Il training psicoenergetico consiste nel lavoro mirato e finalizzato ad incrementare le energie psichiche.

Il confine tra training psicoenergetico e terapia è in alcuni casi molto evidente, in altri labile, in altri casi si evidenziano sovrapposizioni.

In ogni caso, il training psicoenergetico si prefigge di portare il soggetto ad una maggiore condizione di sane energie psicologiche, autorealizzazione, potenziamento, nella direzione di ciò che egli stesso considera “miglioramento”, o, come evidenzia Rogers, ad aumentare il livello di potere personale che deriva dalla riduzione della confusione interiore.

Il training psicoenergetico ha una forte componente terapeutica poiché si prefigge di rimuovere i blocchi e cambiare modalità di pensiero disfunzionali per il soggetto, e tuttavia non è assolutamente limitato alla terapia. Ad esempio può usufruire del training psicoenergetico un atleta di livello mondiale, ma anche di livello amatoriale, che non presenti problemi particolari o patologie di tipo psicologico o emozionale, ma sia comunque intenzionato a migliorare le proprie prestazioni ricorrendo ad migliore gestione delle energie psichiche.

Nessun essere umano è perfetto, e lo stesso concetto di perfezione è variabile e indefinito.

I livelli nei quali si può cominciare a parlare di terapia e non più di formazione o sviluppo non sono assolutamente fissi, ed è oramai consolidato (vedi Goffman) che la devianza sociale e la malattia psichica sono gran parte frutto di una valutazione sociale e culturale.

In tempi storici o culturali di iperproduttività, può essere considerato anomalo un soggetto che “si rilassa” o non produce reddito tutto il giorno, ma al contrario può succedere che una persona estremamente dedita al lavoro venga inquadrata come malata (workaholic), da parte di una cultura più spirituale o votata alla ricerca di maggiore equilibrio tra vita e lavoro (work-life balance).

La psicoenergetica quindi deve per quanto possibile evitare di imporre sovrastrutture rigide al percorso di sviluppo delle energie psichiche (es.: sii più produttivo, o al contrario, sii più rilassato, etc., come se questi messaggi andassero bene per tutti) ma aiutare il soggetto a crescere in una direzione di maggior benessere soggettivo, che deriva unicamente da un’analisi dell’in­dividuo, caso per caso.

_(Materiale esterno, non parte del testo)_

(* Distinct paths have distinct maximal cliques, so
   each has a private vertex.  From this we find, at or below node(y), a node c
   with two branches i <> j carrying vertices u and w assigned below them: c is
   node(y) itself if it has two children, and otherwise its only child, which
   is a Q-node by (h), whose first and last positions work by (b).  No clique
   reaches into two branches, so u and w are not adjacent; x and y lie in every
   clique through c (y as a P-node vertex above c, x as a vertex above node(y)
   sharing a clique with y).  Hence x - u - y - w - x is an induced 4-cycle of
   G - xy, which an interval graph cannot contain. *)
From mathcomp Require Import all_boot zify.
Set Implicit Arguments. Unset Strict Implicit. Unset Printing Implicit Defensive.

Lemma uniq_map_inj (U V : eqType) (f : U -> V) s a b :
  uniq (map f s) -> a \in s -> b \in s -> f a = f b -> a = b.
Proof.
elim: s => [//|z s IH] /= /andP[fz us]; rewrite !inE => /orP[/eqP->|ha] /orP[/eqP->|hb] //.
- by move=> E; move: fz; rewrite E map_f.
- by move=> E; move: fz; rewrite -E map_f.
- exact: IH.
Qed.

Lemma prefix_rcons_eq (c s : seq nat) i j :
  prefix (rcons c i) s -> prefix (rcons c j) s -> i = j.
Proof.
rewrite !prefixE !size_rcons => /eqP E1 /eqP E2.
by have := f_equal (last 0) (etrans (esym E1) E2); rewrite !last_rcons.
Qed.

Lemma branch_paths_neq (c : seq nat) i j q q' : i != j -> c ++ i :: q != c ++ j :: q'.
Proof.
apply: contraNneq => /(f_equal (fun s => nth 0 s (size c))).
by rewrite !nth_cat ltnn subnn /= => ->.
Qed.

Section Paths.
Variable T : finType.
Implicit Types (t s : mpq T) (A B : {set T}) (v : T) (a b p q : seq nat).

Definition children_hold (P : mpq T -> Prop) (ch : seq (mpq T)) : Prop :=
  foldr (fun s Q => P s /\ Q) True ch.
Definition positions_hold (P : mpq T -> Prop)
    (secs : seq ({set T} * option (mpq T))) : Prop :=
  foldr (fun pos Q => (if pos.2 is Some s then P s else True) /\ Q) True secs.

Definition mpq_nested_ind (P : mpq T -> Prop)
    (HP : forall A ch, children_hold P ch -> P (PN A ch))
    (HQ : forall secs, positions_hold P secs -> P (QN secs)) : forall t, P t :=
  fix F t := match t with
  | PN A ch => HP A ch ((fix G ch : children_hold P ch :=
      match ch return children_hold P ch with
      | [::] => I
      | s :: ch' => conj (F s) (G ch')
      end) ch)
  | QN secs => HQ secs ((fix G secs : positions_hold P secs :=
      match secs return positions_hold P secs with
      | [::] => I
      | (_, Some s) :: secs' => conj (F s) (G secs')
      | (_, None) :: secs' => conj I (G secs')
      end) secs)
  end.

Fixpoint pclique t p {struct p} : {set T} :=
  match t, p with
  | PN A _, [::] => A
  | PN A ch, i :: p' =>
      A :|: (if onth ch i is Some s then pclique s p' else set0)
  | QN _, [::] => set0
  | QN secs, i :: p' =>
      match onth secs i with
      | Some (B, Some s) => B :|: pclique s p'
      | Some (B, None) => B
      | None => set0
      end
  end.

Fixpoint paths t : seq (seq nat) :=
  match t with
  | PN _ ch =>
      if ch is [::] then [:: [::]] else
      (fix F (ch : seq (mpq T)) (i : nat) := match ch with
        | [::] => [::]
        | s :: ch' => map (cons i) (paths s) ++ F ch' i.+1 end) ch 0
  | QN secs =>
      (fix F (secs : seq ({set T} * option (mpq T))) (i : nat) := match secs with
        | [::] => [::]
        | (_, None) :: secs' => [:: i] :: F secs' i.+1
        | (_, Some s) :: secs' => map (cons i) (paths s) ++ F secs' i.+1 end) secs 0
  end.

(** The inner recursions of [cliques] and [paths], named so that they can be
    reasoned about by induction on the list of children. *)
Definition cliques_children A : seq (mpq T) -> seq {set T} :=
  fix F ch := match ch with
  | [::] => [::]
  | s :: ch' => map (fun K => A :|: K) (cliques s) ++ F ch' end.
Definition cliques_positions : seq ({set T} * option (mpq T)) -> seq {set T} :=
  fix F secs := match secs with
  | [::] => [::]
  | (B, None) :: secs' => B :: F secs'
  | (B, Some s) :: secs' => map (fun K => B :|: K) (cliques s) ++ F secs' end.
Definition paths_children : seq (mpq T) -> nat -> seq (seq nat) :=
  fix F ch i := match ch with
  | [::] => [::]
  | s :: ch' => map (cons i) (paths s) ++ F ch' i.+1 end.
Definition paths_positions : seq ({set T} * option (mpq T)) -> nat -> seq (seq nat) :=
  fix F secs i := match secs with
  | [::] => [::]
  | (_, None) :: secs' => [:: i] :: F secs' i.+1
  | (_, Some s) :: secs' => map (cons i) (paths s) ++ F secs' i.+1 end.

Lemma cliquesPE A s ch : cliques (PN A (s :: ch)) = cliques_children A (s :: ch).
Proof. by []. Qed.
Lemma cliquesQE secs : cliques (QN secs) = cliques_positions secs.
Proof. by []. Qed.
Lemma pathsPE A s ch : paths (PN A (s :: ch)) = paths_children (s :: ch) 0.
Proof. by []. Qed.
Lemma pathsQE secs : paths (QN secs) = paths_positions secs 0.
Proof. by []. Qed.

Lemma onth_cat_size (U : Type) (pre l : seq U) x :
  onth (pre ++ x :: l) (size pre) = Some x.
Proof. by elim: pre. Qed.

Lemma cliques_paths t : cliques t = map (pclique t) (paths t).
Proof.
elim/mpq_nested_ind: t => [A ch IH|secs IH].
  case: ch IH => [//|s ch] IH; rewrite cliquesPE pathsPE.
  suff /(_ [::]) : forall pre, cliques_children A (s :: ch) =
      map (pclique (PN A (pre ++ s :: ch))) (paths_children (s :: ch) (size pre)).
    by [].
  elim: (s :: ch) IH => [//|s0 ch0 IHch] [IHs0 IH] pre /=.
  rewrite map_cat -map_comp IHs0 -map_comp (IHch IH (rcons pre s0)).
  rewrite cat_rcons size_rcons; congr (_ ++ _).
  by apply: eq_map => q /=; rewrite onth_cat_size.
rewrite cliquesQE pathsQE.
suff /(_ [::]) : forall pre, cliques_positions secs =
    map (pclique (QN (pre ++ secs))) (paths_positions secs (size pre)).
  by [].
elim: secs IH => [//|[B [s|]] secs IHsecs] [IHs IH] pre /=.
  rewrite map_cat -map_comp IHs -map_comp (IHsecs IH (rcons pre (B, Some s))).
  rewrite cat_rcons size_rcons; congr (_ ++ _).
  by apply: eq_map => q /=; rewrite onth_cat_size.
rewrite onth_cat_size (IHsecs IH (rcons pre (B, None))).
by rewrite cat_rcons size_rcons.
Qed.

Lemma subtree_cat t a b :
  subtree t (a ++ b) = if subtree t a is Some s then subtree s b else None.
Proof.
elim: a t => [//|i a IH] [A ch|secs] /=.
  by case: (onth ch i) => [s|] //; rewrite IH.
by case: (onth secs i) => [[B [s|]]|] //; rewrite IH.
Qed.

Lemma paths_children_mem ch i j s q :
  onth ch j = Some s -> q \in paths s -> (i + j) :: q \in paths_children ch i.
Proof.
elim: ch i j => [|s0 ch IH] i [|j] //=.
  by case=> ->; rewrite addn0 mem_cat => hq; rewrite map_f.
by move=> /IH h /h; rewrite mem_cat addnS -addSn => ->; rewrite orbT.
Qed.

Lemma paths_positions_mem secs i j B s q :
  onth secs j = Some (B, Some s) -> q \in paths s ->
  (i + j) :: q \in paths_positions secs i.
Proof.
elim: secs i j => [|[B0 [s0|]] secs IH] i [|j] //=.
- by case=> _ ->; rewrite addn0 mem_cat => hq; rewrite map_f.
- by move=> /IH h /h; rewrite mem_cat addnS -addSn => ->; rewrite orbT.
- by move=> /IH h /h; rewrite inE addnS -addSn => ->; rewrite orbT.
Qed.

Lemma paths_positions_leaf secs i j B :
  onth secs j = Some (B, None) -> [:: i + j] \in paths_positions secs i.
Proof.
elim: secs i j => [|[B0 [s0|]] secs IH] i [|j] //=.
- by move=> /IH h; rewrite mem_cat addnS -addSn h orbT.
- by rewrite addn0 inE eqxx.
- by move=> /IH h; rewrite inE addnS -addSn h orbT.
Qed.

Lemma paths_subtree t a s q :
  subtree t a = Some s -> q \in paths s -> a ++ q \in paths t.
Proof.
elim: a t => [|i a IH] t; first by case=> ->.
case: t => [A ch|secs]; rewrite [subtree _ _]/=.
  case E: (onth ch i) => [s'|] // /IH h /h hq.
  case: ch E => [|s0 ch] E; first by case: i E.
  by rewrite pathsPE; have := paths_children_mem 0 E hq.
case E: (onth secs i) => [[B [s'|]]|] // /IH h /h hq.
by rewrite pathsQE; have := paths_positions_mem 0 E hq.
Qed.

Definition wf_children : seq (mpq T) -> Prop :=
  fix F ch := match ch with [::] => True | s :: ch' => mpq_wf s /\ F ch' end.
Definition wf_positions : seq ({set T} * option (mpq T)) -> Prop :=
  fix F secs := match secs with
  | [::] => True
  | (_, None) :: secs' => F secs'
  | (_, Some s) :: secs' => mpq_wf s /\ F secs' end.

Lemma wfPE A ch : mpq_wf (PN A ch) = (P_ok A ch /\ wf_children ch).
Proof. by []. Qed.
Lemma wfQE secs : mpq_wf (QN secs) = (Q_ok secs /\ wf_positions secs).
Proof. by []. Qed.

Lemma wf_subtree t a s : mpq_wf t -> subtree t a = Some s -> mpq_wf s.
Proof.
elim: a t => [|i a IH] t /=; first by move=> wt [<-].
case: t => [A ch|secs].
  rewrite wfPE => -[_]; case E: (onth ch i) => [s'|] // wch; apply: IH.
  by elim: ch i wch E => [|s0 ch IHch] [|i] //= [ws0 wch]; [case=> <- | apply: IHch].
rewrite wfQE => -[_]; case E: (onth secs i) => [[B [s'|]]|] // wsecs; apply: IH.
elim: secs i wsecs E => [|[B0 [s0|]] secs IHs] [|i] //=; first by case=> ws0 _ [_ <-].
  by case=> _; apply: IHs.
exact: IHs.
Qed.
Let g : {mpoly F[p + q]} := \sum_(t : T) 'X_[mlin (W t)].

Lemma mcoeff_sum_mlin U : g@_(mlin U) = \sum_(t : T) ((W t == U)%:R : F).
Proof.
by rewrite raddf_sum; apply: eq_bigr => t _; rewrite /= mcoeffX (inj_eq (@mlin_inj _)).
Qed.

Lemma msupp_sum_mlin : {in msupp g, forall m, exists V, m = mlin V}.
Proof.
move=> m; case: (pickP (fun t => mlin (W t) == m)) => [t /eqP <-|no_t].
  by exists (W t).
by rewrite mcoeff_msupp raddf_sum big1 ?eqxx // => t _; rewrite /= mcoeffX no_t.
Qed.

Lemma pcm_eval_sum_mlin S :
  pcm_eval g S = incidence_mx F (ypart \o W) *m (incidence_mx F (zpart \o W))^T.
Proof.
apply/matrixP => a b.
rewrite !mxE (pcm_entry_multilinear _ _ msupp_sum_mlin) mevalC mcoeff_sum_mlin.
rewrite (reindex (enum_val : 'I_#|T| -> T)); last exact: onW_bij (enum_val_bij _).
apply: eq_bigr => u _; rewrite !mxE eq_pqvars /=.
by case: (_ == _); case: (_ == _); rewrite ?mul1r ?mul0r.
Qed.

Lemma mxrank_pcm_eval_sum_mlin S : \rank (pcm_eval g S) = #|T|.
Proof.
by rewrite pcm_eval_sum_mlin mxrank_mul_isometries ?incidence_mx_isometry.
Qed.

End CoefficientMatrix.

Lemma exists_split_bij (T : finType) (A : pred T) :
  exists B : T -> 'I_(#|A| + #|[predC A]|), [/\ bijective B,
    forall x, A x -> exists a, B x = yvar _ a &
    forall x, ~~ A x -> exists b, B x = zvar _ b].
Proof.
pose C (k : 'I_(#|A| + #|[predC A]|)) : T :=
  match split k with inl a => enum_val a | inr b => enum_val b end.
have C_inj : injective C.
  move=> k1 k2; rewrite /C -{2}(splitK k1) -{2}(splitK k2).
  case: (split k1) => [a1|b1]; case: (split k2) => [a2|b2] /=.
  - by move/enum_val_inj => ->.
  - by move=> E; have := enum_valP a1; have := enum_valP b2; rewrite E inE => /negbTE ->.
  - by move=> E; have := enum_valP a2; have := enum_valP b1; rewrite E inE => /negbTE ->.
  - by move/enum_val_inj => ->.
have [B BK CK] : bijective C by apply: inj_card_bij; rewrite // card_ord cardC.
exists B; split => [|x xA|x xNA]; first by exists C.
  exists (enum_rank_in xA x).
  by rewrite -[RHS]BK /C /yvar (unsplitK (inl _ _)) enum_rankK_in.
have xNA' : x \in [predC A] by rewrite inE.
exists (enum_rank_in xNA' x).
by rewrite -[RHS]BK /C /zvar (unsplitK (inr _ _)) enum_rankK_in.
Qed.

Section GenericMatrixProduct.
Variables (F : fieldType) (n d p q : nat) (hn : (0 < n)%N).
Variables (B : Xvar d.+1 n -> 'I_(p + q)) (B_inj : injective B).

Let path := {ffun 'I_d -> 'I_n}.
Let vertex (t : path) := path_vertex (Ordinal hn) (Ordinal hn) t.

Definition path_edge (t : path) (i : 'I_d.+1) := B (i, vertex t i, vertex t i.+1).

Definition path_vars (t : path) := [set path_edge t i | i : 'I_d.+1].

Lemma path_edge_inj t : injective (path_edge t).
Proof. by move=> i j /B_inj []. Qed.

Lemma path_monomial (t : path) :
  (\sum_(i < d.+1) U_(path_edge t i))%MM = mlin (path_vars t).
Proof.
apply/mnmP => k; rewrite mnm_sumE /mlin mnmE.
case: (boolP (k \in path_vars t)) => [/imsetP [i0 _ ->]|kNt].
  rewrite (bigD1 i0) //= mnm1E eqxx big1 // => i i_neq.
  by rewrite mnm1E (inj_eq (@path_edge_inj t)) (negbTE i_neq).
rewrite big1 // => i _; rewrite mnm1E; case: eqP => // ik.
by rewrite -ik imset_f in kNt.
Qed.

Esistono alcuni parametri universali, salute fisica rispetto di se e degli altri, che fanno comunque da sfondo a qualsiasi lavoro.

Liberare il potenziale dai blocchi crea maggiori capacità di sviluppare il proprio essere, in qualsiasi direzione esso sia: l’ambizione di voler essere un buon padre, un buon manager, un buon atleta, un buon insegnante, il desiderio di voler essere più rilassati, o più attivi e dinamici, o più lucidi mentalmente o e altri stati soggettivi definibili come condizione-target.

Il training psicoenergetico procede – come per il training bioenergetico – tramite sessioni ed esercizi.

Il training psicoenergetico allena diverse porzioni separate, con lo scopo di eliminare i blocchi prioritari responsabili del mancato raggiungimento del potenziale.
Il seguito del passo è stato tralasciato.